1 de outubro de 2013

"A Cúria é a lepra do papado", diz Francisco. Papa reúne Conselho para reformar a Igreja.

O papa Francisco criticou duramente os integrantes da Cúria Romana e qualificou a alta cúpula do clero como "a lepra do papado". A admoestação do santo papa está na entrevista publicada nesta terça-feira (1º), pelo jornal italiano "La Repubblica". Leia aqui a entrevista.
Hoje, também, o pontífice deu início à reunião do Conselho dos Cardeais no Vaticano. O objetivo é apresentar um projeto para reformar a Cúria, naquela que pode ser a maior reestruturação da Igreja em mais de 40 anos.
Na entrevista, Francisco chamou a Cúria de "muito vaticano-cêntrica" e que os príncipes da Igreja Católica "geralmente têm sido narcisistas, amantes da adulação e excitados de forma negativa por seus cortesãos".
"A corte é a lepra do papado", disse, antes de emendar que, apesar de a Cúria, órgão responsável pela administração da Igreja) não ser propriamente uma corte, existem "cortesãos".
A reunião do Conselho de Cardeais teve início com missa na Casa de Santa Marta.

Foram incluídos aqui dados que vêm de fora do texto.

Lemma jminus_colour j : 0 < jminus i j -> i (jminus i j) = i j.
Proof.
case: j => [|j] m0; first by rewrite /jminus big_geq in m0.
have := prev_occ_eq (fun l => i l == i j.+1) (m := j.+1) (l := jminus i j.+1).
by rewrite m0 jminus_lt // eqxx => /(_ isT) /esym /andP[/eqP].
Qed.

End NextPrevious.

Section Triple.
Variables (n : nat) (i : nat -> 'I_n) (N k : nat).
Hypotheses (k0 : 0 < k) (kN : k.+2 <= N) (i02 : i k.+2 = i k) (i01 : i k.+1 != i k).

Lemma jplus_triple_k : jplus i N k = k.+2.
Proof.
rewrite jplusE next_occS /=; last by lia.
by rewrite (negbTE i01) next_occS //= i02 eqxx.
Qed.

Lemma jminus_triple_k2 : jminus i k.+2 = k.
Proof.
by rewrite jminusE i02 prev_occS //= (negbTE i01) prev_occS //= eqxx.
Qed.

Lemma jminus_triple_k1_lt : jminus i k.+1 < k.
Proof. by rewrite jminusE prev_occS // eq_sym (negbTE i01) prev_occ_lt. Qed.

Lemma jminus_triple_neq_k j : 0 < j <= N -> j != k.+2 -> jminus i j != k.
Proof.
case/andP=> j0 jN jk2; have [kj|jk] := ltnP k j.
  by rewrite (@jminus_eq_jplus _ i N) ?k0 // jplus_triple_k eq_sym.
by rewrite neq_ltn (leq_trans (jminus_lt i j0) jk).
Qed.

Lemma jplus_triple_neq_k2 l : 0 < l < k -> jplus i N l != k.+2.
Proof.
move=> /andP[l0 lk]; rewrite -jminus_eq_jplus ?l0 ?jminus_triple_k2 //; lia.
Qed.

Lemma ltn_jplus_triple l : 0 < l < k ->
  (k < jplus i N l) = (l == jminus i k.+1) || (k.+2 < jplus i N l).
Proof.
move=> lk; have := jplus_triple_neq_k2 lk.
by rewrite [l == _]eq_sym (@jminus_eq_jplus _ i N); lia.
Qed.

End Triple.

Lemma sk_id m x : x != m.+1 -> x != m.+2 -> sk m x = x.
Proof. by rewrite /sk => /negbTE-> /negbTE->. Qed.

Lemma sk1 m : sk m m.+1 = m.+2.
Proof. by rewrite /sk eqxx. Qed.

Lemma sk2 m : sk m m.+2 = m.+1.
Proof. by rewrite /sk ifN ?eqxx //; lia. Qed.

Lemma sk_inv m : involutive (sk m).
Proof.
move=> x; have [->|x1] := eqVneq x m.+1; first by rewrite sk1 sk2.
have [->|x2] := eqVneq x m.+2; first by rewrite sk2 sk1.
by rewrite !sk_id.
Qed.

Lemma ltn_sk m t x : t != m.+1 -> (t < sk m x) = (t < x).
Proof.
move=> tm; rewrite /sk; case: eqP => [->|_]; first by lia.
by case: eqP => [->|_] //; lia.
Qed.

Section BigNat.
Variables (R : Type) (idx : R) (op : Monoid.com_law idx).

Lemma big_nat_sk m j (P : pred nat) (F : nat -> R) : j != m.+2 ->
  \big[op/idx]_(1 <= l < j | P l) F l =
  \big[op/idx]_(1 <= l < j | P (sk m l)) F (sk m l).
Proof.
move=> jm; rewrite -(big_map (sk m) P F); apply: perm_big; apply: uniq_perm.
- exact: iota_uniq.
- by rewrite (map_inj_uniq (can_inj (sk_inv m))) iota_uniq.
move=> x; rewrite -{2}(sk_inv m x) (mem_map (can_inj (sk_inv m))) !mem_index_iota.
by rewrite /sk; case: eqP => [->|_]; [|case: eqP => [->|_]]; lia.
Qed.

Lemma big_nat_extract (P Q : pred nat) (F : nat -> R) a k :
  F 0 = idx -> a < k ->
  (forall l, 0 < l < k -> P l = (l == a) || Q l) -> (0 < a -> Q a = false) ->
  \big[op/idx]_(1 <= l < k | P l) F l = op (F a) (\big[op/idx]_(1 <= l < k | Q l) F l).
Proof.
move=> F0 ak PQ Qa; rewrite (big_mkcond P) (big_mkcond Q).
have [a0|a0] := posnP a.
  subst a; rewrite F0 Monoid.mul1m; apply: eq_big_nat => l /andP[l0 lk].
  by rewrite PQ ?l0 ?lk // (gtn_eqF l0).
have a_in : a \in index_iota 1 k by rewrite mem_index_iota a0.
rewrite (bigD1_seq a) ?iota_uniq // [in RHS](bigD1_seq a) ?iota_uniq //=.
rewrite PQ ?a0 // eqxx Qa // Monoid.mul1m; congr (op _ _).
rewrite big_seq_cond [RHS]big_seq_cond; apply: eq_bigr => l.
by rewrite mem_index_iota => /andP[lk la]; rewrite PQ // (negbTE la).
Qed.
End BigNat.

Local Open Scope ring_scope.

Section Reflections.
Variables (n : nat) (C : 'M[int]_n).

Definition coroot_pair (r : 'I_n) (v : 'rV[int]_n) : int := \sum_m C r m * v 0 m.

Lemma srefE r v : sref C r v = v - coroot_pair r v *: sroot r.
Proof. by []. Qed.

Lemma coroot_pair_sub_scale r u c w :
  coroot_pair r (u - c *: w) = coroot_pair r u - c * coroot_pair r w.
Proof.
rewrite /coroot_pair mulr_sumr -sumrB; apply: eq_bigr => m _.
by rewrite !mxE; ring.
Qed.

Lemma coroot_pair_sroot r j : coroot_pair r (sroot j) = C r j.
Proof.
rewrite /coroot_pair (bigD1 j) //= big1 ?addr0 => [|m mj].
  by rewrite /sroot mxE !eqxx mulr1.
by rewrite /sroot mxE (negbTE mj) andbF mulr0.
Qed.

Lemma wact0 w : wact C w 0 = 0.
Proof.
elim: w => //= r w ->; rewrite srefE.
by rewrite /coroot_pair big1 ?scale0r ?subr0 // => m _; rewrite mxE mulr0.
Qed.

Hypothesis Cd : forall r, C r r = 2.

Lemma sref_involutive r : involutive (sref C r).
Proof.
move=> v; rewrite [X in sref _ _ X]srefE srefE coroot_pair_sub_scale.
by rewrite coroot_pair_sroot Cd; apply/matrixP => x y; rewrite !mxE; ring.
Qed.

Lemma wact_inj w : injective (wact C w).
Proof.
elim: w => //= r w IH v1 v2 /(can_inj (sref_involutive r)); exact: IH.
Qed.

Lemma wact_sroot_neq0 w r : wact C w (sroot r) != 0.
Proof.
rewrite -(wact0 w) (inj_eq (@wact_inj w)).
by apply/eqP => /matrixP/(_ 0 r); rewrite !mxE !eqxx.
Qed.

Lemma pos_root_neq0 b : pos_root C b -> b != 0.
Proof. by case=> [[w [r ->]] _]; apply: wact_sroot_neq0. Qed.

Variables (p q : 'I_n).
Hypotheses (Cpq : C p q = -1) (Cqp : C q p = -1).

Lemma sref_braid v :
  sref C p (sref C q (sref C p v)) = sref C q (sref C p (sref C q v)).
Proof.
rewrite !srefE !coroot_pair_sub_scale !coroot_pair_sroot !Cd Cpq Cqp.
by apply/matrixP => x y; rewrite !mxE; ring.
Qed.

Lemma sref_sroot_comm : sref C q (sroot p) = sref C p (sroot q).
Proof.
rewrite !srefE !coroot_pair_sroot Cpq Cqp.
by apply/matrixP => x y; rewrite !mxE; ring.
Qed.

Lemma sref_pq_sroot : sref C p (sref C q (sroot p)) = sroot q.
Proof.
rewrite !srefE !coroot_pair_sub_scale !coroot_pair_sroot !Cd Cpq Cqp.
by apply/matrixP => x y; rewrite !mxE; ring.
Qed.

Lemma sref_qp_sroot : sref C q (sref C p (sroot q)) = sroot p.
Proof.
rewrite !srefE !coroot_pair_sub_scale !coroot_pair_sroot !Cd Cpq Cqp.
by apply/matrixP => x y; rewrite !mxE; ring.
Qed.

End Reflections.

Lemma lin_neq0 n (v : 'rV[int]_n) : v != 0 -> lin v != 0.
Proof.
move=> v0; rewrite /lin tofrac_eq0; apply: contra v0 => /eqP E.
apply/eqP/matrixP => x m; rewrite ord1 mxE.
have := congr1 (mcoeff U_(m)) E; rewrite mcoeff0 raddf_sum /= (bigD1 m) //= big1 ?addr0.
  by rewrite mcoeffZ mcoeffXU eqxx mulr1 => /eqP; rewrite intr_eq0 => /eqP.
by move=> m' /negbTE mm; rewrite mcoeffZ mcoeffXU mm mulr0.
Qed.

Lemma PP_neq0 n (C : 'M[int]_n) (Cd : forall r, C r r = 2)
    (P : nat -> seq 'rV[int]_n) j :
  (forall b, b \in P j -> pos_root C b) -> PP P j != 0.
Proof.
move=> hA; rewrite /PP; case: ifP => _; first exact: oner_neq0.
rewrite /prodR prodf_seq_neq0; apply/allP => b /hA /(pos_root_neq0 Cd) b0.
exact: lin_neq0.
Qed.

Lemma wact_wordS n (C : 'M[int]_n) f m v :
  wact C (word f m.+1) v = wact C (word f m) (sref C (f m.+1) v).
Proof. by rewrite /word -[m.+1]addn1 iotaD map_cat /wact foldr_cat add1n addn1. Qed.

Lemma eq_word n (f g : nat -> 'I_n) m :
  (forall l, (0 < l <= m)%N -> f l = g l) -> word f m = word g m.
Proof.
by move=> fg; apply/eq_in_map => l; rewrite mem_iota => /andP[l0 lm]; apply: fg; lia.
Qed.

Section ExchangeIdentities.
Variables (K : fieldType) (bk bk1 bk2 Fk Fk1 Fk2 Fa Fb Rp Rq : K).
Hypotheses (Fk_neq0 : Fk != 0) (Fa_neq0 : Fa != 0) (bk1_neq0 : bk1 != 0).
Hypotheses (rel_k : Fk * Fb = bk * (Fa * Rp)) (rel_k1 : Fk1 * Fa = bk1 * (Rq * Fk))
  (rel_k2 : Fk2 * Fk = bk2 * (Rp * Fk1)).

Let Fk' := bk * (Fk2 * Fa) / (bk1 * Fk).

Let Fb_eq : Fb = bk * (Fa * Rp) / Fk.
Proof. by apply: (mulfI Fk_neq0); rewrite rel_k; field. Qed.

Let Fk1_eq : Fk1 = bk1 * (Rq * Fk) / Fa.
Proof. by apply: (mulIf Fa_neq0); rewrite rel_k1; field. Qed.

Let Fk2_eq : Fk2 = bk2 * (Rp * Fk1) / Fk.
Proof. by apply: (mulIf Fk_neq0); rewrite rel_k2; field. Qed.

Lemma exchange_identity_k : Fk' * Fa = bk2 * (Fb * Rq).
Proof. by rewrite /Fk' Fk2_eq Fk1_eq Fb_eq; field; rewrite Fk_neq0 Fa_neq0 bk1_neq0. Qed.

Lemma exchange_identity_k1 : Fk2 * Fb = bk1 * (Rp * Fk').
Proof. by rewrite /Fk' Fb_eq; field; rewrite Fk_neq0 bk1_neq0. Qed.

Lemma exchange_identity_k2 : Fk1 * Fk' = bk * (Rq * Fk2).
Proof. by rewrite /Fk' Fk1_eq; field; rewrite Fk_neq0 Fa_neq0 bk1_neq0. Qed.

End ExchangeIdentities.

Section BraidMove.
Variables (n : nat) (C : 'M[int]_n) (N : nat) (i : nat -> 'I_n) (k : nat) (p q : 'I_n).
Hypotheses (Cd : forall r, C r r = 2) (Cpq : C p q = -1) (Cqp : C q p = -1).
Hypotheses (k0 : (0 < k)%N) (kN : (k.+2 <= N)%N).
Hypotheses (ip1 : i k = p) (iq : i k.+1 = q) (ip2 : i k.+2 = p).

Local Notation i' := (braid i k p q).

Let qp : q != p.
Proof. by apply/eqP => qp; move: Cpq; rewrite qp Cd. Qed.

Let pq : p != q.
Proof. by rewrite eq_sym qp. Qed.

Lemma braid_k : i' k = q.
Proof. by rewrite /braid eqxx. Qed.

Lemma braid_k1 : i' k.+1 = p.
Proof. by rewrite /braid ifN ?eqxx //; lia. Qed.

Lemma braid_k2 : i' k.+2 = q.
Proof. by rewrite /braid eqxx orbT. Qed.

Lemma braid_out l : l != k -> l != k.+1 -> l != k.+2 -> i' l = i l.
Proof. by rewrite /braid => /negbTE-> /negbTE-> /negbTE->. Qed.

Lemma braid_sk l : l != k -> i' (sk k l) = i l.
Proof.
move=> lk; have [->|l1] := eqVneq l k.+1; first by rewrite sk1 braid_k2.
have [->|l2] := eqVneq l k.+2; first by rewrite sk2 braid_k1.
by rewrite sk_id // braid_out.
Qed.

Lemma sk_pred_id x : (k.+1 < x)%N -> sk k.-1 x = x.
Proof. by move=> kx; rewrite sk_id // prednK //; lia. Qed.

Lemma next_occ_braid_ge c x : (k.+2 <= x)%N ->
  next_occ (fun y => i' y == c) N x = next_occ (fun y => i y == c) N x.
Proof. by move=> kx; apply: eq_next_occ => y xy; rewrite braid_out //; lia. Qed.

Lemma next_occ_braid_lt c l : (l < k)%N ->
  next_occ (fun y => i' y == c) N l = sk k.-1 (next_occ (fun y => i y == c) N l).
Proof.
move=> lk; move: {2}(k.-1 - l)%N (erefl (k.-1 - l)%N) => d.
elim: d l lk => [|d IH] l lk ed.
  have ek : l.+1 = k by lia.
  rewrite !(@next_occS _ N l) ?ek ?(@next_occS _ N k) ?(@next_occS _ N k.+1); try lia.
  rewrite /= braid_k braid_k1 braid_k2 ip1 iq ip2 next_occ_braid_ge //.
  have gt := next_occ_gt (fun y => i y == c) kN.
  case: (eqVneq p c) => [<-|pc].
    by rewrite (negbTE qp) /sk prednK ?eqxx.
  case: (eqVneq q c) => [_|qc].
    by rewrite /sk prednK // ifN ?eqxx //; lia.
  by rewrite sk_pred_id // ltnW.
rewrite !(@next_occS _ N l) /=; try lia.
rewrite braid_out; try lia.
case: (i l.+1 == c); last by apply: IH; lia.
by rewrite sk_id // prednK //; lia.
Qed.

(* [sk k.-1] exchanges k and k.+1. *)
Lemma jplus_braid l : l != k -> (l <= N)%N ->
  jplus i' N (sk k l) = sk k.-1 (jplus i N l).
Proof.
move=> lk lN; have [lk'|kl] := ltnP l k.
  by rewrite sk_id ?jplusE ?braid_out ?next_occ_braid_lt //; lia.
have far c : sk k.-1 (next_occ (fun y => i y == c) N k.+2) =
             next_occ (fun y => i y == c) N k.+2.
  by rewrite sk_pred_id // ltnW // next_occ_gt.
have [->|l1] := eqVneq l k.+1.
  rewrite sk1 !jplusE braid_k2 iq next_occ_braid_ge // [in RHS](@next_occS _ N) //=.
  by rewrite ip2 (negbTE pq) far.
have [->|l2] := eqVneq l k.+2.
  rewrite sk2 !jplusE braid_k1 ip2 (@next_occS _ N) //= braid_k2 (negbTE qp).
  by rewrite next_occ_braid_ge // far.
rewrite sk_id // !jplusE braid_out // next_occ_braid_ge; last by lia.
by rewrite sk_pred_id // (leq_trans _ (next_occ_gt _ lN)) //; lia.
Qed.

Na cerimônia, Francisco desejou que a reunião torne todos "mais humildes, mais pacientes, mais confiantes em Deus, pora a Igreja possa dar um belo testemunho às pessoas e vendo o povo de Deus, vendo a Igreja, sintam a vontade de vir conosco".
Francisco explicou que a vida do cristão precisa ser estabelecida na humildade e a força do Evangelho está nisso, "porque o Evangelho chega ao ponto mais alto na humilhação de Jesus, humildade que se torna humilhação".
"A força do Evangelho está na humildade, humildade da criança que se deixa guiar pelo amor e pela ternura do pai", continuou o papa.
"Bento 16 nos dizia que a Igreja não cresce por proselitismo, cresce por atenção, por testemunho", afirmou ele. "Quando os povos veem este testemunho de humildade, de ternura, sentem a necessidade que fala o profeta Zacarias: 'Queremos ir com vós'. As pessoas sentem a necessidade diante do testemunho da caridade, desta caridade humilde, sem prepotência, que é moldada para servir", disse o pontífice.